Я так растерялся, что стоял, как проглотив язык : Чтоб кто-то из моряков наших, из зверобоев со шхун, хоть один человек с целого ТУРНИФа, откуда я и сейчас был не уволен, а считался в отпуску, – чтоб кто-то из них мог накатать на меня столь несуразное, да еще в Союз писателей БССР... Так бы и простоял, как остолоп, под его зрачками, бегавшими, как маятники в часах, если б не выручил Иван Чигринов:
– Гэта не пра яго. Есть яшчэ адин марак, Алесь Крыга.
– Не пра яго?
– Не, я ведаю гэтае письмо.
Шамякин отошел, не согнав подозрения с лица: не может быть, чтоб он ошибся! Через полгода, увидев меня, он снова прицепится насчет "дрэннага" письма. И еще через полгода... Я понимал, что переубедить Шамякина не удастся, но все равно! Как только он подходил ко мне, я тотчас говорил, опережая: "Иван Пятрович, тое письмо мяне не датычыца."
Шамякин увел всех, теперь я один стоял в коридоре.
Я делал подсчеты: кто будет за меня, а кто против? Неважно, что некоторые посматривают косо. Ведь я имел глаза: в основном простые люди, по виду -крестьяне. В них привлекала доступность. Они выгодно отличались от "русскоязычных", горбящихся перед ними.
Что от них нужно?
Мне нужно рассчитаться за Рясну. За выбитые стекла, за "тухлые жиды" говном на воротах, за глумление, что перенесли я, дед Гилька и бабка Шифра. Не хочу никаких подачек от вас. Ничего не надо такого, что, если я взял, убудет у кого-то из вас. Я хочу получить то, на чем не стоит цены: членский билет Союза писателей СССР. Вот и все, что вы мне должны, паважаныя беларусы.
Наверное, я не сумел сразу ухватить их стадный, животный инстинкт, вычитающий из себя чужих, а если и делающий скидки, то не таким, как я. Правда, были и как Иван Чигринов, которым вполне хватало того, что они имели, чтоб быть терпимыми. Но уже на втором приеме я увидел Ивана бегущим мимо, отмахивавшимся от меня: "Не, да их не падступица!" Многие пытались меня образумить.

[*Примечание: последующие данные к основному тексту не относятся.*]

Lemma card_flips_or_in f T j :
  (forall i, i \in T -> ignores f i) -> j \in T ->
  (#|[set x | (f x || ones_on T x) != (f (flip x j) || ones_on T (flip x j))]|
    <= #|[set x | ones_on (T :\ j) x]|)%N.
Proof.
move=> fT jT; apply: subset_leq_card; apply/fintype.subsetP => x; rewrite !inE.
apply: contraR => /negPf Tx.
by rewrite (fT j jT) !(ones_onD1 _ jT) ones_on_flip ?Tx ?andbF // !inE eqxx.
Qed.

End Cube.

Local Open Scope ring_scope.

Section Probability.
Variables (R : realType) (n : nat).
Implicit Types (f g : cube n -> bool) (S T : {set 'I_n}) (j : 'I_n).

Lemma pow2_gt0 (k : nat) : 0 < (2 : R) ^+ k.
Proof. exact: exprn_gt0. Qed.

Lemma expect_card f : expect R f = #|f|%:R / 2 ^+ n.
Proof.
rewrite /expect -sum1_card natr_sum; congr (_ / _).
by rewrite [RHS]big_mkcond; apply: eq_bigr => x _; rewrite unfold_in; case: (f x).
Qed.

Lemma expect_split f g :
  expect R f = expect R (fun x => f x && g x) + expect R (fun x => f x && ~~ g x).
Proof.
rewrite !expect_card -mulrDl -natrD -(cardID g); congr (_%:R / _).
by congr (_ + _)%N; apply: eq_card => x; rewrite !inE unfold_in /= // andbC.
Qed.

Lemma expect1 : expect R (fun _ : cube n => true) = 1.
Proof.
rewrite expect_card card_ffun card_bool card_ord natrX.
by rewrite divff // gt_eqF ?pow2_gt0.
Qed.

Lemma expectN f : expect R (fun x => ~~ f x) = 1 - expect R f.
Proof. by rewrite -expect1 [X in X - _](expect_split _ f) /= addrC addKr. Qed.

Lemma expect_and_ones_on f S : (forall j, j \in S -> ignores f j) ->
  expect R (fun x => f x && ones_on S x) = expect R f / 2 ^+ #|S|.
Proof.
move=> fS; rewrite !expect_card -(card_and_ones_on fS) natrM natrX.
rewrite mulrAC mulfK ?gt_eqF ?pow2_gt0 //; congr (_%:R / _).
Qed.

Lemma expect_and_not_ones_on f S : (forall j, j \in S -> ignores f j) ->
  expect R (fun x => f x && ~~ ones_on S x) = expect R f * (1 - (2 ^+ #|S|)^-1).
Proof.
move=> fS; rewrite mulrBr mulr1 -expect_and_ones_on // (expect_split f (ones_on S)).
by rewrite addrAC subrr add0r.
Qed.

Lemma expect_ge0 f : 0 <= expect R f.
Proof. by rewrite expect_card divr_ge0 // ltW ?pow2_gt0. Qed.

Definition zero_prob f := expect R (fun x => ~~ f x).

Lemma expectE_zero_prob f : expect R f = 1 - zero_prob f.
Proof. by rewrite /zero_prob expectN opprB addrC subrK. Qed.

Lemma zero_prob_or_ones_on f T : (forall j, j \in T -> ignores f j) ->
  zero_prob (fun x => f x || ones_on T x) = zero_prob f * (1 - (2 ^+ #|T|)^-1).
Proof.
move=> fT; rewrite /zero_prob -expect_and_not_ones_on => [|j jT x]; last by rewrite fT.
by congr expect; apply: funext => x; rewrite negb_or.
Qed.

Lemma influence_ignores f j : ignores f j -> influence R f j = 0.
Proof.
move=> fj; rewrite /influence (_ : [set x | _] = finset.set0) ?cards0 ?mul0r //.
by apply/setP => x; rewrite !inE fj eqxx.
Qed.

Lemma influence_or_out f T j : j \notin T ->
  influence R (fun x => f x || ones_on T x) j <= influence R f j.
Proof.
move=> jT; rewrite /influence ler_pM2r ?invr_gt0 ?pow2_gt0 // ler_nat.
exact: card_flips_or_out.
Qed.

Lemma influence_or_in f T j : (forall i, i \in T -> ignores f i) -> j \in T ->
  influence R (fun x => f x || ones_on T x) j <= 2 / 2 ^+ #|T|.
Proof.
move=> fT jT; rewrite /influence ler_pdivrMr ?pow2_gt0 //.
apply: le_trans (_ : #|[set x | ones_on (T :\ j) x]|%:R <= _).
  by rewrite ler_nat; exact: card_flips_or_in.
have cardT : #|T| = (#|T :\ j|).+1 by rewrite (cardsD1 j T) jT.
have /(congr1 (GRing.natmul (1 : R))) := card_ones_on (T :\ j).
rewrite natrM !natrX cardT exprS => <-.
by rewrite [leRHS](_ : _ = #|[set x | ones_on (T :\ j) x]|%:R) //; field; rewrite gt_eqF ?pow2_gt0.
Qed.

End Probability.

Section LnSeries.
Variables (R : realType) (N : nat).

(* [G] is nondecreasing on (0, 1], since G' y = (1 - y)^N / y, and G 1 = 0. *)
Let G : R -> R :=
  (@ln R : R -> R) + \sum_(i < N) (i.+1%:R)^-1 \*: ((cst 1 - id) ^+ i.+1 : R -> R).

Let G_eval (y : R) : G y = ln y + \sum_(i < N) (i.+1%:R)^-1 * (1 - y) ^+ i.+1.
Proof.
rewrite /G /=; congr (_ + _).
apply: (big_rec2 (fun (g : R -> R) b => g y = b)) => // i g b _ <-.
by rewrite /= exprfctE.
Qed.

Let G_derive (y : R) : 0 < y -> is_derive y 1 G (y^-1 - \sum_(i < N) (1 - y) ^+ i).
Proof.
move=> y0; apply: is_derive_eq; first exact/is_deriveD/is_derive1_ln.
rewrite -sumrN; congr (_ + _); apply: eq_bigr => i _.
by rewrite /= scalerA mulrA mulVf // mul1r sub0r scalerN; congr (- _); apply: mulr1.
Qed.

Let G_derive_ge0 (y : R) : 0 < y <= 1 -> 0 <= y^-1 - \sum_(i < N) (1 - y) ^+ i.
Proof.
case/andP=> y0 y1.
have geom : y * \sum_(i < N) (1 - y) ^+ i = 1 - (1 - y) ^+ N.
  have := subrX1 (1 - y) N; rewrite addrAC subrr add0r mulNr => E.
  by rewrite -[LHS]opprK -E opprB.
rewrite subr_ge0 -(ler_pM2l y0) mulfV ?gt_eqF // geom lerBlDr lerDl.
by rewrite exprn_ge0 // subr_ge0.
Qed.

Lemma sum_pow_le_lnV (y : R) : 0 < y <= 1 ->
  \sum_(i < N) (i.+1%:R)^-1 * (1 - y) ^+ i.+1 <= - ln y.
Proof.
case/andP=> y0 y1.
have G_mono : G y <= G 1.
  apply: (@ger0_derive1_ndecr _ G y 1) => //.
  - by move=> x; rewrite in_itv /= => /andP[yx _]; have [] := G_derive (lt_trans y0 yx).
  - move=> x; rewrite in_itv /= => /andP[yx x1]; have x0 := lt_trans y0 yx.
    rewrite derive1E; have [_ ->] := G_derive x0; apply: G_derive_ge0.
    by rewrite x0 ltW.
  - apply: derivable_within_continuous => x; rewrite in_itv /= => /andP[yx _].
    by have [] := G_derive (lt_le_trans y0 yx).
have G1 : G 1 = 0.
  by rewrite G_eval ln1 add0r big1 // => i _; rewrite subrr expr0n mulr0.
rewrite G1 G_eval in G_mono.
by rewrite -lerBrDl sub0r in G_mono.
Qed.

End LnSeries.

Section Weights.
Variable R : realType.
Implicit Types (x y : R) (t : nat).

Definition weight x := x / (1 - log2 x).

Definition level_weight t : R := 2 / (2 ^+ t * t%:R).

Lemma ln2_gt0 : 0 < ln (2 : R).
Proof. by apply: ln_gt0; rewrite ltr1n. Qed.

Lemma log2_le x y : 0 < x -> x <= y -> log2 x <= log2 y.
Proof.
move=> x0 xy; rewrite /log2 ler_pM2r ?invr_gt0 ?ln2_gt0 //.
by rewrite ler_ln // posrE (lt_le_trans x0).
Qed.

Lemma log2_le0 x : 0 < x -> x <= 1 -> log2 x <= 0.
Proof.
by move=> x0 x1; rewrite /log2 pmulr_lle0 ?invr_gt0 ?ln2_gt0 // ln_le0.
Qed.

Lemma weight_le x y : 0 < x -> x <= y -> y <= 1 -> weight x <= weight y.
Proof.
move=> x0 xy y1; have y0 := lt_le_trans x0 xy.
have Dy : 1 <= 1 - log2 y by rewrite lerDl oppr_ge0 log2_le0.
have Dxy : 1 - log2 y <= 1 - log2 x by rewrite lerD2l lerN2 log2_le.
have Dx0 : 0 < 1 - log2 x by apply: lt_le_trans Dxy; apply: lt_le_trans Dy.
apply: (@le_trans _ _ (y / (1 - log2 x))); first by rewrite ler_wpM2r // invr_ge0 ltW.
by rewrite ler_wpM2l ?(ltW y0) // lef_pV2 ?posrE // (lt_le_trans _ Dy).
Qed.

Lemma weight_level t : (1 <= t)%N -> weight (2 / 2 ^+ t) = level_weight t.
Proof.
move=> t1; have log2t : log2 (2 / 2 ^+ t : R) = 1 - t%:R.
  rewrite /log2 lnM ?posrE ?invr_gt0 ?pow2_gt0 // lnV ?posrE ?pow2_gt0 //.
  by rewrite lnXn //; field; rewrite gt_eqF ?ln2_gt0.
by rewrite /weight log2t opprB addrC subrK /level_weight invfM mulrA.
Qed.

Lemma weight_le_level t x : (1 <= t)%N -> 0 < x -> x <= 2 / 2 ^+ t ->
  weight x <= level_weight t.
Proof.
move=> t1 x0 xt; rewrite -weight_level // weight_le //.
rewrite ler_pdivrMr ?pow2_gt0 // mul1r.
by rewrite -[X in X <= _]expr1 ler_eXn2l // ltr1n.
Qed.

Lemma ler_div_pow2 m k : (m <= k)%N -> 2 / 2 ^+ k <= 2 / 2 ^+ m :> R.
Proof.
move=> mk; rewrite ler_pM2l // lef_pV2 ?posrE ?pow2_gt0 //.
by rewrite ler_eXn2l // ltr1n.
Qed.

Lemma level_weight_ge0 t : 0 <= level_weight t.
Proof. by rewrite divr_ge0 // mulr_ge0 // ltW ?pow2_gt0. Qed.

Lemma level_weightM t : (1 <= t)%N -> level_weight t * t%:R = 2 / 2 ^+ t.
Proof. by move=> t1; rewrite /level_weight invfM -!mulrA mulVf ?mulr1 // pnatr_eq0 -lt0n. Qed.

Lemma level_weight_le t : level_weight t <= 2 / 2 ^+ t.
Proof.
case: t => [|t]; first by rewrite /level_weight mulr0 invr0 mulr0 divr_ge0 ?pow2_gt0.
by rewrite -level_weightM // ler_peMr ?level_weight_ge0 // ler1n.
Qed.

Definition budget (n c : nat) : R := \sum_(k < n) level_weight (maxn k.+1 c).

Lemma budget_split n c t : (c <= t)%N -> (1 <= t)%N -> (t <= n)%N ->
  budget n c = \sum_(k < t) level_weight (maxn k.+1 c) + budget n t - 2 / 2 ^+ t.
Proof.
move=> ct t1 tn; rewrite /budget -!(big_mkord xpredT (fun k => level_weight (maxn k.+1 _))).
rewrite !(big_cat_nat (leq0n t) tn) /=.
have -> : \sum_(0 <= k < t) level_weight (maxn k.+1 t) = 2 / 2 ^+ t :> R.
  rewrite (eq_big_nat _ _ (F2 := fun=> level_weight t)) => [|k /andP[_ kt]].
    by rewrite sumr_const_nat subn0 -[_ *+ t]mulr_natr level_weightM.
  by rewrite (maxn_idPr kt).
have -> : \sum_(t <= k < n) level_weight (maxn k.+1 c) =
          \sum_(t <= k < n) level_weight (maxn k.+1 t) :> R.
  apply: eq_big_nat => k /andP[tk _].
  by rewrite (maxn_idPl (leq_trans ct (leqW tk))) (maxn_idPl (leqW tk)).
lra.
Qed.

Lemma budget1_le_ln2 n : budget n 1 <= 2 * ln (2 : R).
Proof.
have half : 0 < (2^-1 : R) <= 1 by apply/andP; split; lra.
have := sum_pow_le_lnV n half; rewrite lnV ?posrE // opprK.
rewrite -(ler_pM2l (_ : (0 : R) < 2)) // mulr_sumr; apply: le_trans.
rewrite [leRHS](eq_bigr (fun k : 'I_n => level_weight (maxn k.+1 1))) // => k _.
rewrite (maxn_idPl (ltn0Sn k)) /level_weight (_ : 1 - 2^-1 = 2^-1 :> R); last by field.
by rewrite exprVn; field; rewrite addrC natr1 pnatr_eq0 /= gt_eqF ?pow2_gt0.
Qed.

End Weights.

Section Greedy.
Variables (R : realType) (n : nat) (a : 'I_n -> R).
Hypothesis a_range : forall j, 0 < a j <= 1.
Variable q : R.
Implicit Types (f g : cube n -> bool) (P U : {set 'I_n}) (c : nat) (s : R).

Let a_gt0 j : 0 < a j. Proof. by case/andP: (a_range j). Qed.
Let a_le1 j : a j <= 1. Proof. by case/andP: (a_range j). Qed.

Definition good f :=
  3 / 4 * q <= zero_prob R f <= q /\ forall j, influence R f j < a j.

(* [P] is the tribe being built, [U] the variables not yet placed, [f] the OR of the
   closed tribes, [s] the sum of 2^-|T| over them, and [c] is |T| - 1 for the last
   closed tribe T (1 at the start). *)
Record invariant c P U f s : Prop := Invariant {
  inv_c_gt0 : (0 < c)%N;
  inv_disjoint : [disjoint P & U];
  inv_sorted : forall j i, j \in U -> i \in P -> a j <= a i;
  inv_le_c : forall j, j \in P :|: U -> a j <= 2 / 2 ^+ c;
  inv_le_P : forall j, j \in U -> a j <= 2 / 2 ^+ #|P|;
  inv_weight : \sum_(j in P) weight (a j) <= \sum_(k < #|P|) level_weight R (maxn k.+1 c);
  inv_ignores : forall j, j \in P :|: U -> ignores f j;
  inv_influence : forall j, j \notin P :|: U -> influence R f j < a j;
  inv_q_lt : q < zero_prob R f;
  inv_le_expR : zero_prob R f <= expR (- s) }.

Definition outcome c (V : {set 'I_n}) s := (exists g, good g) \/
  exists s', q < expR (- s') /\ \sum_(j in V) weight (a j) + 8 * s <= 8 * s' + budget R n c.

Lemma outcome_stop c P f s : invariant c P finset.set0 f s -> outcome c (P :|: finset.set0) s.
Proof.
case=> _ _ _ _ _ wP _ _ qf fs; right; exists s; split; first exact: lt_le_trans fs.
rewrite finset.setU0 addrC lerD2l (le_trans wP) //.
have Pn : (#|P| <= n)%N by rewrite -[X in (_ <= X)%N]card_ord max_card.
rewrite /budget (big_ord_widen n (fun k => level_weight R (maxn k.+1 c)) Pn) big_mkcond /=.
by apply: ler_sum => k _; case: ifP => // _; apply: level_weight_ge0.
Qed.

Алена Василевич, ее маленькая фигурка, сердечный голос: "Борис, вы молоды, работоспособны, талантливы, вас Москва печатает. Что вам писательский билет? Пустая формальность..."
Так этим-то, что пустая, она и важна мне! Разве не из-за формальной отметки в паспорте выдавливал свое чувство, как в судорогах пьяной рвоты, Владимир Короткевич? Или в Рясне подбили камнем Галку не из-за того, что она моя?

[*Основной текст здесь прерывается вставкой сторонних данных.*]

(* There exists $\delta\in(0,1)$, independent of $c\in(c_0,c_s)$, such that for every $c\in(c_0,c_s)$, $$\max_{\mathbb R}\eta_c=\eta_c(0)\le 1-\delta^2\frac{c^2}{c_s^2},$$ equivalently $\min_{\mathbb R}\sqrt{1-\eta_c}=\sqrt{1-\eta_c(0)}\ge\delta\,c/c_s$.
   Context: Standing assumptions: $f\in\mathcal C^3(\mathbb R_+)$ with $f(1)=0$ and $f'(1)<0$; $c_s:=\sqrt{-2f'(1)}$; $F(r):=\int_r^1 f(\rho)\,d\rho$. Assume (H1) $\frac{c_s^2}{4}(1-\rho)^2\le F(\rho)$ for all $\rho$; (H2) there exist $M\ge 0$, $q\in[2,\infty)$ with $F(\rho)\le M|1-\rho|^q$ for all $\rho\ge 2$; (H3) $f''(1)+3f'(1)\neq 0$. For $c\in(c_0,c_s)$ (with $c_0\in(0,c_s)$ the threshold of existence), $Q_c=(\eta_c,v_c)\in H^1\times L^2$, $\sup\eta_c<1$, denotes the even non-constant solution (unique up to translation) of $\frac c2\eta=v(1-\eta)$, $cv=f(1-\eta)-v^2-\frac{\eta''}{2(1-\eta)}-\frac{(\eta')^2}{4(1-\eta)^2}$; $\eta_c$ attains its maximum at $0$. *)

From Stdlib Require Import Reals.
From Coquelicot Require Import Coquelicot.
Open Scope R_scope.

Definition C3_Rplus (f : R -> R) : Prop :=
  (forall x, 0 < x ->
     (forall k, (k <= 3)%nat -> ex_derive_n f k x) /\
     continuous (Derive_n f 3) x) /\
  filterlim f (at_right 0) (locally (f 0)).

Definition cs (f : R -> R) : R := sqrt (- 2 * Derive f 1).

Definition Fpot (f : R -> R) (r : R) : R := RInt f r 1.

Definition standing_assumptions (f : R -> R) : Prop :=
  C3_Rplus f /\ f 1 = 0 /\ Derive f 1 < 0 /\
  (forall rho, 0 <= rho -> (cs f) ^ 2 / 4 * (1 - rho) ^ 2 <= Fpot f rho) /\
  (exists M q, 0 <= M /\ 2 <= q /\
     forall rho, 2 <= rho -> Fpot f rho <= M * Rpower (Rabs (1 - rho)) q) /\
  Derive_n f 2 1 + 3 * Derive f 1 <> 0.

Definition L2 (u : R -> R) : Prop :=
  ex_RInt_gen (fun x => (u x) ^ 2) (Rbar_locally m_infty) (Rbar_locally p_infty).

(** (eta, v) is an even non-constant travelling-wave solution of speed c:
    eta in H^1 (classical C^2 function with eta, eta' in L^2), v in L^2,
    sup eta < 1, and the system
       c/2 eta = v (1 - eta),
       c v = f(1-eta) - v^2 - eta''/(2(1-eta)) - (eta')^2/(4(1-eta)^2). *)
Definition TW_solution (f : R -> R) (c : R) (eta v : R -> R) : Prop :=
  (forall x, ex_derive eta x) /\
  (forall x, ex_derive (Derive eta) x) /\
  (forall x, continuous (Derive (Derive eta)) x) /\
  L2 eta /\ L2 (Derive eta) /\ L2 v /\
  (exists m, m < 1 /\ forall x, eta x <= m) /\
  (forall x, eta (- x) = eta x) /\ (forall x, v (- x) = v x) /\
  (exists x y, eta x <> eta y) /\
  (forall x, c / 2 * eta x = v x * (1 - eta x)) /\
  (forall x, c * v x = f (1 - eta x) - (v x) ^ 2
                       - Derive (Derive eta) x / (2 * (1 - eta x))
                       - (Derive eta x) ^ 2 / (4 * (1 - eta x) ^ 2)).

Definition has_TW (f : R -> R) (c : R) : Prop :=
  exists eta v, TW_solution f c eta v.

Definition c0 (f : R -> R) : Rbar :=
  Glb_Rbar (fun c => 0 < c < cs f /\ has_TW f c).

(* Multiplying the second equation by [eta'] gives the first integral
   [eta'^2 = G (eta)], [G s = 4 (1 - s) F (1 - s) - c^2 s^2]; the constant of integration
   is [0] because [eta] and [eta'] are square integrable. By (H1), [G > 0] on
   [(-oo, 1 - c^2/c_s^2)] away from [0], and [0] is a double zero of [G] which the
   non-constant [eta] never reaches, so [eta > 0] and every critical value of [eta] is a
   zero of [G]. At the last critical point [T >= 0], [eta T] is a simple zero of [G] with
   [G > 0] below it; an interior minimum argument on [[0, T]] and evenness show that
   [eta 0 = eta T] is the maximum. Finally [G (eta 0) = 0] reads
   [c^2 eta(0)^2 = 4 (1 - eta 0) F (1 - eta 0)], and [F] is bounded on [(0, 1]], so
   [1 - eta 0] is at least a fixed multiple of [c^2]. *)

From Stdlib Require Import Reals Lra Lia Classical.
From Coquelicot Require Import Coquelicot.
Open Scope R_scope.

Теперь я повел войну не с какими-то голодранцами, сынками полицейских. То были грандиозные хитрецы, прохиндеи. Нельзя за ними ходить, стоять в коридоре, нельзя ничего у них просить. Нельзя выглядеть некрасивым, больным, нуждающимся, расслабляться хоть на миг. Успокаивало, что многие из них пили. Мог любого перепить, не боясь, что сопьюсь. Ведь то, что я от них хотел, не поддавалось воздействию алкоголя. Кто я был для них? Формально евреем, но они называли меня "выродком". По сути был для них моряком, и они правы: это моя национальность. Не удивляло, что, сидя на зарплате, имея собрания сочинений, они не стесняются пить за мои деньги. Когда они напивались, я смотрел, как они выглядели, и слушал, о чем они говорили... Как они были одеты! Если они и выделялись в толпе, то своим затрапезным видом. Я объяснял это неприхотливостью, естественной подстройкой "под народ". Ничего себе неприхотливые... Как они дрались за дачи, за очередь на издание книг, за ордена и лауреатские звания! Изощренные в подлогах, в сделках со своей совестью, они создавали мифы о себе. Я изучил их автобиографии: одни слащавые, самодовольные самовосхваления. Видел и муку в их глазах; они страдали за свою участь: их холят, почитают, издают на разных языках, но у себя дома не читают. Ведь для большей части народа письменники стали, как некая данность. Что ж им мешало стать властителями дум в своей стране? Возможно, то, что критерием для большинства были вовсе не книги. Какой смысл в Союзе письменников, если туда принимают, не читая, по внешнему виду? Чего же вы подсовываете таких "письменников" народу? А кто будет оплачивать произведения, которые никто не читает? Плательщиков нашли, подняли из могил... Видел, как к однотомнику Булгакова привязывали шелковой лентой увесистые тома живого, процветающего и вполне почитываемого Шамякина. Хочешь иметь том Булгакова – покупай и Шамякина! Строй Ивану Петровичу новую дачу на Лысой горе...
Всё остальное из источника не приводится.